About this exercise:
Look below for the line that has "Definition submatrix_of (k". Set down the lines from there through the line that has "(forall i j, M (f i) (g j) = A i j).", exactly as written.

Dataset entries:

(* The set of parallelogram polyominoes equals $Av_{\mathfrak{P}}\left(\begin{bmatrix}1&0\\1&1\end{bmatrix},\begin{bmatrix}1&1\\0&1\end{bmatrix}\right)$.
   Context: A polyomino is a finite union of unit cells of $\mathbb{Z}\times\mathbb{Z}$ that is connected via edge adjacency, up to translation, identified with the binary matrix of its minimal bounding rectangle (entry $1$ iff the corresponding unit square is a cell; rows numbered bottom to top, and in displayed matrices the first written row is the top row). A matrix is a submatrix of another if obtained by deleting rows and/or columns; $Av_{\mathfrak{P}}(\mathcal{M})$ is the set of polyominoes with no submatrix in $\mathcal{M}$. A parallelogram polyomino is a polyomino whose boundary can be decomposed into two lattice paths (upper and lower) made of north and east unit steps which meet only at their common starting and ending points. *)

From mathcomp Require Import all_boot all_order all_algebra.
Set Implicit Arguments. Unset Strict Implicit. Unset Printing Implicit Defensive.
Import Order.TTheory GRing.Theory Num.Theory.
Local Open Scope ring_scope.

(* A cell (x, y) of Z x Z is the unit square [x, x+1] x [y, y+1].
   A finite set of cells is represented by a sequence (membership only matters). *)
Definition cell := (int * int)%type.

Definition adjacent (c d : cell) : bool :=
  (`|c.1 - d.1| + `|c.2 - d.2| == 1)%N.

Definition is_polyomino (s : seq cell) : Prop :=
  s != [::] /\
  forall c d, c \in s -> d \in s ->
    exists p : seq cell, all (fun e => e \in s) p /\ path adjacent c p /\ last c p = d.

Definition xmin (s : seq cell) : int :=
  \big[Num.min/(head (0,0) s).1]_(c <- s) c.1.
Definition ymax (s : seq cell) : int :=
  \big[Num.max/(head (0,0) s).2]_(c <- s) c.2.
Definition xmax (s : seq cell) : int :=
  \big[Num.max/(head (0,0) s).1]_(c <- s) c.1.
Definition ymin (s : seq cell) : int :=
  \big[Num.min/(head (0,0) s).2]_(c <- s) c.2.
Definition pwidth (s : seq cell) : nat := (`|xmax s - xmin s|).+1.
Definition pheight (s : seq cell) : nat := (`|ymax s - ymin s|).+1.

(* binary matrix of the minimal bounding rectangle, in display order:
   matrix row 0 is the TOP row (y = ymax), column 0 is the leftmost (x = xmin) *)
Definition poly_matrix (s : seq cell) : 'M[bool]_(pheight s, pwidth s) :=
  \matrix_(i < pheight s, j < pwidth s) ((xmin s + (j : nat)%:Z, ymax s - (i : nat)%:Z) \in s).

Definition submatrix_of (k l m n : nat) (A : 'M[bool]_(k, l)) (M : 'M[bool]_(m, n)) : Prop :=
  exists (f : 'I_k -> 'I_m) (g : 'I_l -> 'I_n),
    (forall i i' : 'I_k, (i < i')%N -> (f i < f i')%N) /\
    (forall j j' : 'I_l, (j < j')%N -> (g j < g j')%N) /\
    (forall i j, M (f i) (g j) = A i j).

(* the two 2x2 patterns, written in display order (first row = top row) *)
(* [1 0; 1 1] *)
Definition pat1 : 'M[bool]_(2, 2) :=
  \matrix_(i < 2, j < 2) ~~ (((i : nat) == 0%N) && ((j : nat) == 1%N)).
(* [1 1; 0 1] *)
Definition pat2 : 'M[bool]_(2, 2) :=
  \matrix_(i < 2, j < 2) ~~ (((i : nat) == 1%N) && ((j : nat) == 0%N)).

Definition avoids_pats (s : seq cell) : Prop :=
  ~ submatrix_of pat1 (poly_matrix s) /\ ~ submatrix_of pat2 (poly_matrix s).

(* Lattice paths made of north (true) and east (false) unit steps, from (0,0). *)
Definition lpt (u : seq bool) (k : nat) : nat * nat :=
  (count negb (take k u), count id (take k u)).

Written solution:
Definition submatrix_of (k l m n : nat) (A : 'M[bool]_(k, l)) (M : 'M[bool]_(m, n)) : Prop :=
  exists (f : 'I_k -> 'I_m) (g : 'I_l -> 'I_n),
    (forall i i' : 'I_k, (i < i')%N -> (f i < f i')%N) /\
    (forall j j' : 'I_l, (j < j')%N -> (g j < g j')%N) /\
    (forall i j, M (f i) (g j) = A i j).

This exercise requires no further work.